What should you avoid doing in an interview?

The worst thing I've seen in interviews is people using the same scenario for every question when the interviewer is looking for examples of how they would display different behaviours. People tend to fall back on the same experiences they've had.

What do you look for in an apprentice CV?

When I'm recruiting for the apprenticeship programme I'm looking for different things in a CV than when I'm recruiting for a regular role in our organisation. What I'm looking for is whether or not they have the qualifications required to get into the programme and what's relevant to the role they're applying for. I don't necessarily want to see everything you've done for an organisation or in a role that you've been in. I really want to see things relevant to the role as described in the job spec. I like to see a little bit about the person themselves and what are their interests outside of work. I think it shows that they have a rounded perspective and are likely to bring something additional to the role that maybe we haven't thought about before. The main thing to keep in mind when putting your CV together is how easy it is for the employer to read. For any given role I could get 40-50 CVs on my desk; the difference between one I put aside and one I read in depth is probably going to be how easy it is for me to see what this person has done in their past career.

What should an interviewee ask in an interview?

The best question I've ever been asked by an interviewee was "What has the most high-performing person in this role done that's been different to somebody else in the same role?" That showed that that person was really keen to not just do the job, but do the job well and to make sure that they were a fit for it. It showed to me that they had ambition, that they wanted to go further and be the best they could possibly be.

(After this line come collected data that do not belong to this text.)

(* Let $k\ge2$ and let $\alpha,\beta,\tau$ be the group formulas $\alpha(x)=\forall y\,([y^{-1}xy,x]=e)$, $\beta(y)=\forall x\,(\alpha(x)\rightarrow y^{-1}xy=x^k)$, and $\tau(x,y,h,b_1)=\alpha(x)\wedge\alpha(y)\wedge([h,b_1]=e)\wedge\beta(b_1)\wedge\forall v\,\forall w\,\big([v,b_1]=[w,b_1]=e\wedge\gamma(h,v,w,b_1)\rightarrow\exists u\,(\alpha(u)\wedge[v,y]=[w,x][v,[u,v]])\big)$, where $\gamma(x,y,z,t)$ is a group formula such that for every $b_1\in Ab$ and all $n,l,m\in\mathbb{Z}$, $BS(1,k)\models\gamma(b_1^n,b_1^l,b_1^m,b_1)$ iff $nl=m$. Then the formula $\pi(x)=\forall c\,\forall v\,\big(\alpha(c)\wedge\beta(v)\rightarrow\exists w\,\exists h\,([w,v]=e\wedge\tau(x,w^{-1}cw,h,v))\big)$ defines the set $A_1$ in $BS(1,k)$.
   Context: $BS(1,k)=\langle a,b\mid b^{-1}ab=a^k\rangle$, identified with $\mathbb{Z}[1/k]\rtimes\mathbb{Z}$ (pairs $(y,m)$, $y\in\mathbb{Z}[1/k]=\{zk^i:z,i\in\mathbb{Z}\}$, product $(y_1,m_1)(y_2,m_2)=(y_1+y_2k^{-m_1},m_1+m_2)$), with $a=(1,0)$, $b=(0,1)$; $a^y=(y,0)$. $Ab=\{a^yb:y\in\mathbb{Z}[1/k]\}$ and $A_1=\{a^y: y\text{ a unit of }\mathbb{Z}[1/k]\}$. The commutator is $[x,y]=x^{-1}y^{-1}xy$. *)

(* BS(1,k) = Z[1/k] ⋊ Z, realised inside Q × Z. *)
From mathcomp Require Import all_boot all_order all_algebra.
Set Implicit Arguments. Unset Strict Implicit. Unset Printing Implicit Defensive.
Import Order.TTheory GRing.Theory Num.Theory.
Local Open Scope ring_scope.

Section BS.
Variable k : nat.

Definition G := (rat * int)%type.

Definition inZk (y : rat) : Prop :=
  exists (z i : int), y = z%:~R * (k%:R : rat) ^ i.

Definition inBS (g : G) : Prop := inZk g.1.

Definition gmul (p q : G) : G :=
  (p.1 + q.1 * (k%:R : rat) ^ (- p.2), p.2 + q.2).
Definition ginv (p : G) : G := (- (p.1 * (k%:R : rat) ^ p.2), - p.2).
Definition gone : G := (0, 0).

Any advice for someone considering this industry?

The advice I would give to someone applying for an apprenticeship programme is to make sure you really want it. It's a tough gig but it's a great opportunity and a wonderful way to get into an exciting industry, but it is a lot of work. You are working full time and studying; that isn't an easy thing to do. You have to really want this and have the passion and engagement. The company and college will give you all the support we can but if you don't want it, it's a really hard slog.

How do people benefit from an apprenticeship?

There are lots of career paths within the insurance industry. I don't think people really have an awareness of that. It's a great way to get in and try out a number of different routes that might work for you. And it's a way to see a large organisation in action while you're studying at the same time, so you’re gaining your degree and getting really valuable business experience.